With the expansion of the site after the creation of more buildings, a 2.5 km long straight main avenue was built. It began in the east at the 1748 obelisk and over the years was extended all the way to the New Palace, which marks its end in the west. In 1764 the picture gallery was constructed, followed by the New Chambers in 1774. They flank the palace and open the alley up to rondels with the fountains, surrounded by marble statues. From there paths lead in a star pattern between tall hedges to further parts of the gardens.

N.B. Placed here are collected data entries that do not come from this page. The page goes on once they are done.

(* Let $A, B$ be weak bialgebras over a field $\boldsymbol{k}$, and let $F=(F,\bar\phi^F,\bar\omega^F):\mathbb{M}^A\to\mathbb{M}^B$ be a strong $\boldsymbol{k}$-linear comonoidal functor, with $\bar\phi^F_{M,N}:F(M\otimes_{A_s}N)\to F(M)\otimes_{B_s}F(N)$ and $\bar\omega^F:F(A_s)\to B_s$, such that $U^B\circ F=U^A$ as monoidal functors (i.e. $F(M)$ has the same underlying vector space as $M$, $F(f)=f$, $U^B((\bar\phi^F_{M,N})^{-1})\circ\phi^{U^B}_{F(M),F(N)}=\phi^{U^A}_{M,N}$ and $U^B((\bar\omega^F)^{-1})\circ\omega^{U^B}=\omega^{U^A}$). If $F$ is a $\boldsymbol{k}$-linear monoidal equivalence, then the unique weak bialgebra map $\varphi:A\to B$ with $F=\mathbb{M}^{\varphi}$ as comonoidal functors is an isomorphism of weak bialgebras.
   Context: A weak bialgebra over $\boldsymbol{k}$ is a vector space $H$ with an algebra structure (unit $1$) and a coalgebra structure $(\Delta,\varepsilon)$ (Sweedler notation) such that $\Delta(xy)=\Delta(x)\Delta(y)$; $(\Delta\otimes\mathrm{id})\Delta(1)=(\Delta(1)\otimes1)(1\otimes\Delta(1))=(1\otimes\Delta(1))(\Delta(1)\otimes1)$; and $\varepsilon(xyz)=\varepsilon(xy_{(1)})\varepsilon(y_{(2)}z)=\varepsilon(xy_{(2)})\varepsilon(y_{(1)}z)$. A weak bialgebra map is a unital algebra map that is a coalgebra map. $\varepsilon_s(x)=1_{(1)}\varepsilon(x1_{(2)})$, $H_s=\varepsilon_s(H)$. A right $H$-comodule $M$ ($\rho(m)=m_{(0)}\otimes m_{(1)}$) is an $(H_s,H_s)$-bimodule via $y\cdot m=m_{(0)}\varepsilon(ym_{(1)})$, $m\cdot y=m_{(0)}\varepsilon(m_{(1)}y)$. $\mathbb{M}^H$ is the monoidal category of finite-dimensional right $H$-comodules with tensor product $M\otimes_{H_s}N$ (coaction $m\otimes n\mapsto m_{(0)}\otimes n_{(0)}\otimes m_{(1)}n_{(1)}$) and unit $(H_s,\Delta|_{H_s})$. $U^H:\mathbb{M}^H\to\mathrm{Vect}^{\mathrm{f.d.}}_{\boldsymbol{k}}$ is the forgetful functor, (lax) monoidal with $\phi^{U^H}_{M,N}:M\otimes N\to M\otimes_{H_s}N$ the canonical projection and $\omega^{U^H}:\boldsymbol{k}\to H_s$, $1\mapsto1$. For a weak bialgebra map $\varphi$, $\mathbb{M}^\varphi(M,\rho)=(M,(\mathrm{id}\otimes\varphi)\rho)$, $\mathbb{M}^\varphi(f)=f$, with comonoidal structure maps $M\otimes_{A_s}N\to M\otimes_{B_s}N$ induced by the identity and $\varphi|_{A_s}$. A comonoidal functor has natural maps $F(M\otimes N)\to F(M)\otimes F(N)$ and $F(I)\to I'$ satisfying the duals of the monoidal functor axioms; strong means they are isomorphisms. *)

From HB Require Import structures.
From mathcomp Require Import all_boot all_order all_algebra.
From Stdlib Require Import ClassicalEpsilon.

Set Implicit Arguments.
Unset Strict Implicit.
Unset Printing Implicit Defensive.

Import GRing.Theory.
Local Open Scope ring_scope.

Section WeakBialgebras.
Variable K : fieldType.

(* An element of U (x) V is represented by a finite list of pairs           *)
(* [(u_1,v_1); ...; (u_n,v_n)], standing for  sum_i u_i (x) v_i.            *)
(* Two such representatives are equal in U (x) V iff every linear           *)
(* functional on U (x) V, i.e. every bilinear form U x V -> K, agrees on    *)
(* them (the dual of U (x) V is Bil(U,V;K), and it separates points).       *)
Definition tens2 (U V : lmodType K) := seq (U * V).
Definition tens3 (U V W : lmodType K) := seq (U * V * W).

Definition bilinear_form (U V : lmodType K) (b : U -> V -> K) : Prop :=
  (forall (a : K) u1 u2 v, b (a *: u1 + u2) v = a * b u1 v + b u2 v) /\
  (forall (a : K) u v1 v2, b u (a *: v1 + v2) = a * b u v1 + b u v2).

Definition trilinear_form (U V W : lmodType K) (t : U -> V -> W -> K) : Prop :=
  [/\ (forall (a : K) u1 u2 v w, t (a *: u1 + u2) v w = a * t u1 v w + t u2 v w),
      (forall (a : K) u v1 v2 w, t u (a *: v1 + v2) w = a * t u v1 w + t u v2 w) &
      (forall (a : K) u v w1 w2, t u v (a *: w1 + w2) = a * t u v w1 + t u v w2)].

Definition teq2 (U V : lmodType K) (s t : tens2 U V) : Prop :=
  forall b : U -> V -> K, bilinear_form b ->
    \sum_(p <- s) b p.1 p.2 = \sum_(p <- t) b p.1 p.2.

Definition teq3 (U V W : lmodType K) (s t : tens3 U V W) : Prop :=
  forall b : U -> V -> W -> K, trilinear_form b ->
    \sum_(p <- s) b p.1.1 p.1.2 p.2 = \sum_(p <- t) b p.1.1 p.1.2 p.2.

Record wbdata := WBData {
  wb_car :> lmodType K;
  wb_mul : wb_car -> wb_car -> wb_car;
  wb_one : wb_car;
  wb_cm  : wb_car -> tens2 wb_car wb_car;
  wb_eps : wb_car -> K }.

Record is_wba (H : wbdata) : Prop := IsWBA {
  wba_mulA : forall x y z : H,
    wb_mul x (wb_mul y z) = wb_mul (wb_mul x y) z;
  wba_mul1l : forall x : H, wb_mul (wb_one H) x = x;
  wba_mul1r : forall x : H, wb_mul x (wb_one H) = x;
  wba_mul_linl : forall (a : K) (x1 x2 y : H),
    wb_mul (a *: x1 + x2) y = a *: wb_mul x1 y + wb_mul x2 y;
  wba_mul_linr : forall (a : K) (x y1 y2 : H),
    wb_mul x (a *: y1 + y2) = a *: wb_mul x y1 + wb_mul x y2;
  wba_cm_lin : forall (a : K) (x y : H),
    teq2 (wb_cm (a *: x + y))
         ([seq (a *: p.1, p.2) | p <- wb_cm x] ++ wb_cm y);
  wba_eps_lin : forall (a : K) (x y : H),
    wb_eps (a *: x + y) = a * wb_eps x + wb_eps y;
  wba_coassoc : forall x : H,
    teq3 [seq (q.1, q.2, p.2) | p <- wb_cm x, q <- wb_cm p.1]
         [seq (p.1, q.1, q.2) | p <- wb_cm x, q <- wb_cm p.2];
  wba_counitl : forall x : H, \sum_(p <- wb_cm x) wb_eps p.1 *: p.2 = x;
  wba_counitr : forall x : H, \sum_(p <- wb_cm x) wb_eps p.2 *: p.1 = x;
  wba_cmM : forall x y : H,
    teq2 (wb_cm (wb_mul x y))
         [seq (wb_mul p.1 q.1, wb_mul p.2 q.2) | p <- wb_cm x, q <- wb_cm y];
  (* (Delta (x) id) Delta(1) = (Delta(1) (x) 1)(1 (x) Delta(1)) *)
  wba_unit1 :
    teq3 [seq (q.1, q.2, p.2) | p <- wb_cm (wb_one H), q <- wb_cm p.1]
         [seq (p.1, wb_mul p.2 q.1, q.2) | p <- wb_cm (wb_one H), q <- wb_cm (wb_one H)];
  (* (Delta (x) id) Delta(1) = (1 (x) Delta(1))(Delta(1) (x) 1) *)
  wba_unit2 :
    teq3 [seq (q.1, q.2, p.2) | p <- wb_cm (wb_one H), q <- wb_cm p.1]
         [seq (p.1, wb_mul q.1 p.2, q.2) | p <- wb_cm (wb_one H), q <- wb_cm (wb_one H)];
  wba_counit1 : forall x y z : H,
    wb_eps (wb_mul (wb_mul x y) z)
    = \sum_(p <- wb_cm y) wb_eps (wb_mul x p.1) * wb_eps (wb_mul p.2 z);
  wba_counit2 : forall x y z : H,
    wb_eps (wb_mul (wb_mul x y) z)
    = \sum_(p <- wb_cm y) wb_eps (wb_mul x p.2) * wb_eps (wb_mul p.1 z) }.

Record is_wbamap (A B : wbdata) (f : A -> B) : Prop := IsWBAMap {
  wbm_lin : forall (a : K) (x y : A), f (a *: x + y) = a *: f x + f y;
  wbm_mul : forall x y : A, f (wb_mul x y) = wb_mul (f x) (f y);
  wbm_one : f (wb_one A) = wb_one B;
  wbm_cm  : forall x : A,
    teq2 (wb_cm (f x)) [seq (f p.1, f p.2) | p <- wb_cm x];
  wbm_eps : forall x : A, wb_eps (f x) = wb_eps x }.

Definition is_wba_iso (A B : wbdata) (f : A -> B) : Prop :=
  is_wbamap f /\
  exists g : B -> A, [/\ is_wbamap g, cancel f g & cancel g f].

Definition eps_s (H : wbdata) (x : H) : H :=
  \sum_(p <- wb_cm (wb_one H)) wb_eps (wb_mul x p.2) *: p.1.

Definition in_Hs (H : wbdata) (y : H) : Prop := exists x : H, y = eps_s x.

Record preco (H : wbdata) := PreCo {
  pc_car :> vectType K;
  pc_co : pc_car -> tens2 pc_car H }.
Arguments pc_co {H} p _.

Record is_comod (H : wbdata) (X : preco H) : Prop := IsComod {
  co_lin : forall (a : K) (x y : X),
    teq2 (pc_co X (a *: x + y))
         ([seq (a *: p.1, p.2) | p <- pc_co X x] ++ pc_co X y);
  co_coassoc : forall x : X,
    teq3 [seq (q.1, q.2, p.2) | p <- pc_co X x, q <- pc_co X p.1]
         [seq (p.1, q.1, q.2) | p <- pc_co X x, q <- wb_cm p.2];
  co_counit : forall x : X, \sum_(p <- pc_co X x) wb_eps p.2 *: p.1 = x }.

Definition is_cmap (H : wbdata) (X Y : preco H) (f : 'Hom(X, Y)) : Prop :=
  forall x : X, teq2 (pc_co Y (f x)) [seq (f p.1, p.2) | p <- pc_co X x].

In his organisation of the park, Frederick continued what he had begun in Neuruppin and Rheinsberg. During his stay as Crown Prince in Neuruppin, where he was commander of a regiment from 1732 to 1735, he ordered that a flower, fruit and vegetable garden be laid out in the grounds of his abode. He already deviated here from the classical organisation of baroque gardens, which concerned themselves purely with the model represented by Versailles, by combining the beautiful and the useful. He also followed this principle in Rheinsberg. Apart from the transformation of the palace, which Frederick received as a present from his father Frederick William I in 1734, he ordered the establishment of fruit and vegetable garden areas enclosed by hedges. In addition the central avenue and a larger intersecting avenue did not lead directly to the palace, as was usual in French parks of the era, but took off from the south wing and at a right angle to the building.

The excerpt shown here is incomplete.